Regardless, what I need is a formula (code) that would allow me, using cudaMalloc3D(Array), cudaPitchedPtr, cudaMemcpy3D(), etc, copy 3D array that was allocated for me to device, make necessary computations and copy it back, so that it would “fall directly back” into addresses on host as they are referenced by host “ijk” indices. That is, so that I could use 3D array w/o remapping indices immediately after array is copied back from device.

I had some success with using slice, slicePitch, and using float3 type. I.e. I got correct results, but then I need to remap float3 type row by row to the original 3D ijk array.

That is float3 row[x/y/z].[x/y/z] reference different memory locations than float 3darray[i][j][k].

Needless to say, if I have to remap indices to values and copy values from cudaPitchedPtr to the original 3D array every time after call to CUDA kernel - hardly makes sense to use CUDA at all.

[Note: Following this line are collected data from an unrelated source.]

Lemma sum_ffun_cons (V : nmodType) N d (F : {ffun 'I_d.+1 -> 'I_N} -> V) :
  \sum_(k : {ffun 'I_d.+1 -> 'I_N}) F k =
  \sum_(j : 'I_N) \sum_(k : {ffun 'I_d -> 'I_N}) F (ffun_cons j k).
Proof.
rewrite pair_big /= (reindex (fun jk => ffun_cons jk.1 jk.2)) /=.
  by apply: eq_bigr => -[j k].
exists (fun k => (k ord0, [ffun i => k (lift ord0 i)])) => [[j k] _ | k _] /=.
  by rewrite ffun_cons0; congr pair; apply/ffunP => i; rewrite ffunE ffun_consS.
apply/ffunP => i; case: (unliftP ord0 i) => [i' ->|->].
  by rewrite ffun_consS ffunE.
by rewrite ffun_cons0.
Qed.

Section Grid.
Context {R : realType}.
Implicit Types (L : R) (N d : nat).

Lemma grid_pt_cons N d L (j : 'I_N) (k : {ffun 'I_d -> 'I_N}) :
  grid_pt d.+1 N L (ffun_cons j k) = row_cons (L / N%:R * j%:R) (grid_pt d N L k).
Proof.
apply/rowP => i; case: (unliftP ord0 i) => [i' ->|->].
  by rewrite row_consS !mxE ffun_consS.
by rewrite row_cons0 mxE ffun_cons0.
Qed.

Definition grid_cell N d L (k : {ffun 'I_d -> 'I_N}) (t : 'rV[R]_d) :=
  forall i, (k i)%:R * (L / N%:R) <= t ord0 i <= (k i).+1%:R * (L / N%:R).

Lemma grid_cell_cons N d L (j : 'I_N) (k : {ffun 'I_d -> 'I_N}) s t :
  j%:R * (L / N%:R) <= s <= j.+1%:R * (L / N%:R) -> grid_cell L k t ->
  grid_cell L (ffun_cons j k) (row_cons s t).
Proof.
move=> hs hkt i.
by case: (unliftP ord0 i) => [i' ->|->]; rewrite ?ffun_consS ?row_consS
  ?ffun_cons0 ?row_cons0.
Qed.
(* Let $X$ be a real normed linear space and let $\Omega_1,\Omega_2\subset X$ be nonempty convex sets such that $\operatorname{int}\Omega_1\neq\emptyset$ and $(\operatorname{int}\Omega_1)\cap\Omega_2=\emptyset$. Then $\Omega_1$ and $\Omega_2$ form an extremal system. Furthermore, $\operatorname{int}(\Omega_1-\Omega_2)\neq\emptyset$.
   Context: Two nonempty sets $\Omega_1,\Omega_2\subset X$ form an extremal system if for every $\varepsilon>0$ there exists $a\in X$ with $\|a\|\le\varepsilon$ and $(\Omega_1+a)\cap\Omega_2=\emptyset$. $\Omega_1-\Omega_2=\{x-y\mid x\in\Omega_1,\ y\in\Omega_2\}$, and $\operatorname{int}$ denotes the topological interior. *)

From HB Require Import structures.
From mathcomp Require Import all_boot all_order all_algebra.
From mathcomp Require Import all_classical all_reals all_analysis.
Set Implicit Arguments. Unset Strict Implicit. Unset Printing Implicit Defensive.
Import Order.TTheory GRing.Theory Num.Theory.
Import numFieldNormedType.Exports.
Local Open Scope classical_set_scope.
Local Open Scope ring_scope.

Definition convex_in {R : realType} {X : normedModType R} (A : set X) : Prop :=
  forall x y (t : R), A x -> A y -> 0 <= t -> t <= 1 -> A (t *: x + (1 - t) *: y).

Definition extremal_system {R : realType} {X : normedModType R} (O1 O2 : set X) : Prop :=
  forall eps : R, 0 < eps ->
    exists a : X, `|a| <= eps /\ [set x + a | x in O1] `&` O2 = set0.

Definition set_diff_mink {R : realType} {X : normedModType R} (O1 O2 : set X) : set X :=
  [set z | exists x y, O1 x /\ O2 y /\ z = x - y].

(* If x0 is interior to O1 and y0 lies in O2, shifting O1 by any small positive
   multiple a = c (x0 - y0) separates it from O2: a point x + a = y of O2 gives,
   with m = 1 / (1 + c), the point m y + (1 - m) y0 = m x + (1 - m) x0, which lies
   in O2 by convexity and in the interior of O1 by the line segment principle.
   The Minkowski difference contains the ball around x0 - y0 obtained by
   translating a ball around x0 inside O1. *)
From HB Require Import structures.
From mathcomp Require Import all_boot all_order all_algebra.
From mathcomp Require Import all_classical all_reals all_analysis.
From mathcomp Require Import ring.
Import Order.TTheory GRing.Theory Num.Theory.
Import numFieldNormedType.Exports.
Local Open Scope classical_set_scope.
Local Open Scope ring_scope.

Section ConvexInterior.
Context {R : realType} {X : normedModType R}.
Implicit Types (A B : set X) (x y : X).

Lemma interior_normP A x :
  interior A x <-> exists2 r : R, 0 < r & forall y, `|x - y| < r -> A y.
Proof.
rewrite /interior nbhs_ballP; split.
  by move=> [r r0 Ar]; exists r => // y xy; apply: Ar; rewrite -ball_normE.
by move=> [r r0 Ar]; exists r => //= y; rewrite -ball_normE; apply: Ar.
Qed.

Lemma convex_interior_segment A x0 x (m : R) :
  convex_in A -> interior A x0 -> A x -> 0 <= m -> m < 1 ->
  interior A (m *: x + (1 - m) *: x0).
Proof.
move=> cA /interior_normP [r r0 Ar] Ax m0 m1.
have m1_gt0 : 0 < 1 - m by rewrite subr_gt0.
apply/interior_normP; exists ((1 - m) * r) => [|z hz]; first exact: mulr_gt0.
pose w := (1 - m)^-1 *: (z - m *: x).
have -> : z = m *: x + (1 - m) *: w.
  by rewrite /w scalerA divff ?gt_eqF // scale1r addrC subrK.
apply: cA => //; last exact: ltW.
apply: Ar; rewrite -(ltr_pM2l m1_gt0) -[1 - m]ger0_norm ?ltW // -normrZ.
suff -> : (1 - m) *: (x0 - w) = m *: x + (1 - m) *: x0 - z by rewrite ger0_norm ?ltW.
by rewrite /w scalerBr scalerA divff ?gt_eqF // scale1r opprB addrA [_ + m *: x]addrC.
Qed.

Lemma interior_diff_mink A B x0 y0 :
  interior A x0 -> B y0 -> interior (set_diff_mink A B) (x0 - y0).
Proof.
move=> /interior_normP [r r0 Ar] By0; apply/interior_normP; exists r => // z hz.
exists (z + y0), y0; split; last by split => //; rewrite addrK.
by apply: Ar; rewrite opprD addrA addrAC.
Qed.

Lemma convex_shift_disjoint A B x0 y0 (c : R) :
  convex_in A -> convex_in B -> interior A x0 -> B y0 ->
  interior A `&` B = set0 -> 0 < c ->
  [set x + c *: (x0 - y0) | x in A] `&` B = set0.
Proof.
move=> cA cB iAx0 By0 AB c0; rewrite -subset0 => _ [[x Ax <-] Bxa].
have c1_gt0 : 0 < 1 + c by rewrite addr_gt0.
pose m := (1 + c)^-1.
have m0 : 0 <= m by rewrite invr_ge0 ltW.
have m1 : m < 1 by rewrite invf_lt1 // ltrDl.
have mc : m * c = 1 - m by rewrite /m; field; rewrite gt_eqF.
have := cB _ _ m Bxa By0 m0 (ltW m1).
rewrite scalerDr scalerA mc scalerBr addrA subrK => Bz.
have iAz : interior A (m *: x + (1 - m) *: x0) by exact: convex_interior_segment.
have : (interior A `&` B) (m *: x + (1 - m) *: x0) by split.
by rewrite AB.
Qed.

Lemma exists_pos_scale_norm_le x (eps : R) :
  0 < eps -> exists2 c : R, 0 < c & `|c *: x| <= eps.
Proof.
move=> eps0; have d0 : 0 < `|x| + 1 by rewrite ltr_wpDl.
exists (eps / (`|x| + 1)); first by rewrite divr_gt0.
rewrite normrZ gtr0_norm ?divr_gt0 // mulrAC ler_pdivrMr // ler_pM2l //.
by rewrite lerDl.
Qed.

End ConvexInterior.

Theorem corollary2p3 (R : realType) (X : normedModType R) (O1 O2 : set X) :
  O1 !=set0 -> O2 !=set0 -> convex_in O1 -> convex_in O2 ->
  (interior O1) !=set0 -> (interior O1) `&` O2 = set0 ->
  extremal_system O1 O2 /\ (interior (set_diff_mink O1 O2)) !=set0.
Proof.
move=> _ [y0 O2y0] cO1 cO2 [x0 iO1x0] disj; split.
  move=> eps eps0; have [c c0 small] := exists_pos_scale_norm_le (x0 - y0) _ eps0.
  by exists (c *: (x0 - y0)); split; last exact: convex_shift_disjoint.
by exists (x0 - y0); exact: interior_diff_mink.
Qed.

On this forum I have seen some incomplete code excerpts showing how to do this w/o use of any 3D CUDA calls.

But was anybody successful in 3D volume processing using CUDA 3D calls w/o the need to remap from 1D Pitched CUDA ptr back to the original indices/values?

Again, I have no control of how original 3D array is allocated. I need to take it, calculate new values - and return back the in same memory layout.

Any help will be greatly appreciated.

Thank You.